Travel beyond the cliché | The Press

From my house, I have a breathtaking view of the sea and its waves crashing against the rock called the Galet. On this rock have been enthroned in dispersed order for a century and a half, small buildings formerly reserved for cod fishermen.

Posted at 1:00 p.m.

Benoit Leger

Benoit Leger
Natashquan

This view of a universe that is both real and ghostly, like a living painting that changes with time and light, I enjoy every day. I cast a furtive glance at it as I pass the window, but more often than not, it’s sitting on my terrace that I daydream, letting myself be impregnated by the beauty of the world.

A few random tourists who have reached the end of Route 138, 1400 kilometers long, occasionally come to interrupt my meditations to admire this heritage jewel.

But the word “admire” is a bit strong. Most of them barely have time to take a shot and presto!

We’re back on the road for the next item on the checklist. They would have had the same experience by uploading a photo (of much better quality) on the web and would have saved hundreds of liters of fossil fuel.

Here is in this daily anecdote, all that makes me despair of the human species.

This inability for so many people to project themselves outside themselves as only the human brain manages to do, not to flee reality, but to better grasp it.
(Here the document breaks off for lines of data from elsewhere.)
(* Let $T\in\mathbb{R}^{n\times n\times n}$ with trilinear form $f(x,y,z)=\sum_{i,j,k}T_{ijk}x_iy_jz_k$ and $z$-slices $Z_1,\dots,Z_n$. Then $f$ can be written $f(x,y,z)=g(Ax,By,Cz)$ with $A,B\in M_n(\mathbb{R})$ orthogonal, $C\in M_n(\mathbb{R})$ arbitrary, and $g(x,y,z)=\sum_{i=1}^n\alpha_ix_iy_iz_i$ ($\alpha_i\in\mathbb{R}$), if and only if the matrices $Z_kZ_l^T$ and $Z_k^TZ_l$ are symmetric for all $k,l\in\{1,\dots,n\}$.
   Context: The $z$-slices of $T$ are the matrices $Z_k=(T_{ijk})_{1\le i,j\le n}$, i.e. the matrices of the bilinear forms $\partial f/\partial z_k$ in $(x,y)$. A real matrix $A$ is orthogonal if $A^TA=\mathrm{Id}$. *)

(* Reals are modelled by an arbitrary real closed field. *)
From HB Require Import structures.
From mathcomp Require Import all_boot all_order all_algebra.
Set Implicit Arguments. Unset Strict Implicit. Unset Printing Implicit Defensive.
Import Order.TTheory GRing.Theory Num.Theory.
Local Open Scope ring_scope.

Definition trilin {R : rcfType} {n : nat} (T : 'I_n -> 'I_n -> 'I_n -> R)
  (x y z : 'cV[R]_n) : R :=
  \sum_(i < n) \sum_(j < n) \sum_(k < n) T i j k * x i 0 * y j 0 * z k 0.

Definition diag_trilin {R : rcfType} {n : nat} (alpha : 'I_n -> R)
  (x y z : 'cV[R]_n) : R :=
  \sum_(i < n) alpha i * x i 0 * y i 0 * z i 0.

Definition zslice {R : rcfType} {n : nat} (T : 'I_n -> 'I_n -> 'I_n -> R)
  (k : 'I_n) : 'M[R]_n := \matrix_(i, j) T i j k.

Definition orthogonal_mx {R : rcfType} {n : nat} (A : 'M[R]_n) : Prop :=
  A^T *m A = 1%:M.

Definition symmetric_mx {R : rcfType} {n : nat} (M : 'M[R]_n) : Prop :=
  M^T = M.

From HB Require Import structures.
From mathcomp Require Import all_boot all_order all_algebra.
From mathcomp.real_closed Require Import complex.
From mathcomp Require Import ring.
Set Implicit Arguments. Unset Strict Implicit. Unset Printing Implicit Defensive.
Import Order.TTheory GRing.Theory Num.Theory.
Local Open Scope ring_scope.

(* A decomposition f(x,y,z) = g(Ax,By,Cz) with A, B orthogonal and g diagonal
   says exactly that T_ijk = sum_l alpha_l A_li B_lj C_lk, i.e. that every
   z-slice is Z_k = A^T D_k B with D_k diagonal: the slices admit a
   simultaneous singular value decomposition.  The forward implication is then
   a computation (Z_k Z_l^T = A^T D_k D_l A is symmetric, and likewise for
   Z_k^T Z_l).  For the converse we prove the simultaneous SVD theorem for any
   family of square real matrices whose products Z_k Z_l^T, Z_k^T Z_l are all
   symmetric, by induction on the size:
   - the dilations H_k = [0 Z_k; Z_k^T 0] are pairwise commuting symmetric
     matrices, so they have a common eigenvector (x, y) lying in the range of a
     nonzero H_k0 (real spectral facts are obtained from an eigenvalue over
     R[i]); suitably normalised, (x, y) is a common singular pair of the Z_k;
   - Householder reflections complete x and y to orthogonal matrices P, Q, and
     P Z_k Q^T = diag(d_k, Z'_k) where the Z'_k satisfy the same hypothesis. *)

Section SimultaneousSVD.
Variable R : rcfType.

Definition sqnorm m (v : 'rV[R]_m) : R := (v *m v^T) 0 0.

Lemma sqnormE m (v : 'rV[R]_m) : sqnorm v = \sum_i v 0 i ^+ 2.
Proof. by rewrite /sqnorm mxE; apply: eq_bigr => i _; rewrite mxE expr2. Qed.

Lemma sqnorm_ge0 m (v : 'rV[R]_m) : 0 <= sqnorm v.
Proof. by rewrite sqnormE sumr_ge0 // => i _; rewrite sqr_ge0. Qed.

Lemma sqnorm_eq0 m (v : 'rV[R]_m) : (sqnorm v == 0) = (v == 0).
Proof.
apply/idP/idP => [|/eqP->]; last by rewrite /sqnorm mul0mx mxE.
rewrite sqnormE => /eqP /psumr_eq0P v0; apply/eqP/rowP => i; rewrite mxE.
by apply/eqP; rewrite -sqrf_eq0; apply/eqP/v0 => // j _; rewrite sqr_ge0.
Qed.

Lemma sqnormZ m a (v : 'rV[R]_m) : sqnorm (a *: v) = a ^+ 2 * sqnorm v.
Proof. by rewrite /sqnorm linearZ /= -scalemxAl -scalemxAr !mxE mulrA expr2. Qed.

Lemma sqnorm_delta m (i : 'I_m) : sqnorm (delta_mx 0 i) = 1.
Proof. by rewrite /sqnorm -rowE !mxE !eqxx. Qed.

Lemma sqnorm_normalize m (v : 'rV[R]_m) :
  0 < sqnorm v -> sqnorm ((Num.sqrt (sqnorm v))^-1 *: v) = 1.
Proof. by move=> v_gt0; rewrite sqnormZ exprVn sqr_sqrtr ?ltW // mulVf ?gt_eqF. Qed.

Lemma trmx11 (X : 'M[R]_1) : X^T = X.
Proof. by apply/matrixP => i j; rewrite !ord1 mxE. Qed.
Lemma sigma_boundZ_spec (n : nat) :
  sigma_boundZ (Z.of_nat n) = Z.of_nat (sigma_bound n).
Proof.
  unfold sigma_boundZ, sigma_bound. rewrite Z_sqrt_of_nat, Nat2Z.id.
  induction (seq 1 (Nat.sqrt n)) as [|d l IH]; simpl; [reflexivity|].
  rewrite IH, Nat2Z.inj_add. f_equal.
  unfold pair_sumZ, pair_sum.
  rewrite <- Nat2Z.inj_mod, <- Nat2Z.inj_mul, <- Nat2Z.inj_div.
  destruct (Nat.eqb_spec (n mod d) 0), (Nat.eqb_spec (d * d) n),
    (Z.eqb_spec (Z.of_nat (n mod d)) 0), (Z.eqb_spec (Z.of_nat (d * d)) (Z.of_nat n));
    lia.
Qed.

(** * Certified rational bounds for exp *)

Local Open Scope R_scope.

(* exp y <= 1 / (1 - y) on [0, 1), from exp (- y) >= 1 - y. *)
Lemma exp_le_inv_one_minus (y : R) : 0 <= y < 1 -> exp y <= / (1 - y).
Proof.
  intros Hy. pose proof (exp_ineq1_le (- y)).
  assert (Hprod : exp y * exp (- y) = 1) by (rewrite <- exp_plus, Rplus_opp_r; apply exp_0).
  pose proof (exp_pos y).
  apply (Rmult_le_reg_r (1 - y)); [lra|]. rewrite Rinv_l by lra. nra.
Qed.

Lemma exp_double (x : R) : exp x = exp (x / 2) * exp (x / 2).
Proof. rewrite <- exp_plus. f_equal. field. Qed.

Local Open Scope Q_scope.

Lemma Q2R_inject_Z (z : Z) : Q2R (inject_Z z) = IZR z.
Proof. unfold Q2R; simpl. field. Qed.

Lemma Q2R_half (x : Q) : Q2R (x / 2) = (Q2R x / 2)%R.
Proof.
  rewrite Q2R_div by (unfold Qeq; simpl; lia). f_equal. unfold Q2R; simpl. field.
Qed.

Definition Qltb (x y : Q) : bool := negb (Qle_bool y x).

Lemma Qltb_Rlt (x y : Q) : Qltb x y = true -> (Q2R x < Q2R y)%R.
Proof.
  unfold Qltb. rewrite Bool.negb_true_iff. intros H. apply Qlt_Rlt, Qnot_le_lt.
  intros Hle. apply Qle_bool_iff in Hle. congruence.
Qed.

Lemma Qle_bool_Rle (x y : Q) : Qle_bool x y = true -> (Q2R x <= Q2R y)%R.
Proof. intros H. now apply Qle_Rle, Qle_bool_iff. Qed.

(* Rounding to a fixed grid keeps the numbers in the iterated squarings small;
   the grid is fine enough that the 2^30-fold amplification of a rounding
   error stays negligible. *)
Definition grid : positive := 10 ^ 20.

Definition round_up (q : Q) : Q := Qceiling (q * inject_Z (Zpos grid)) # grid.
Definition round_down (q : Q) : Q := Qfloor (q * inject_Z (Zpos grid)) # grid.

Lemma round_up_ge (q : Q) : (Q2R q <= Q2R (round_up q))%R.
Proof.
  apply Qle_Rle. pose proof (Qle_ceiling (q * inject_Z (Zpos grid))) as H.
  unfold round_up, Qle in *. simpl in *. nia.
Qed.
On a larger scale, I risk witnessing this distressing phenomenon once again as NASA has just unveiled the first images taken by the James Webb telescope. Never before seen images of the Universe in which we live and which risk revealing to us one day, aspects of reality that we do not even suspect.

And yet, all of this will have gone unnoticed for most. The most curious will have taken a look at the images published in the morning paper or broadcast in the 45-second topo on television news. Then they will be back to doing what beings do who grope their way through life, ticking off a list that, like a black hole, will eventually swallow them whole.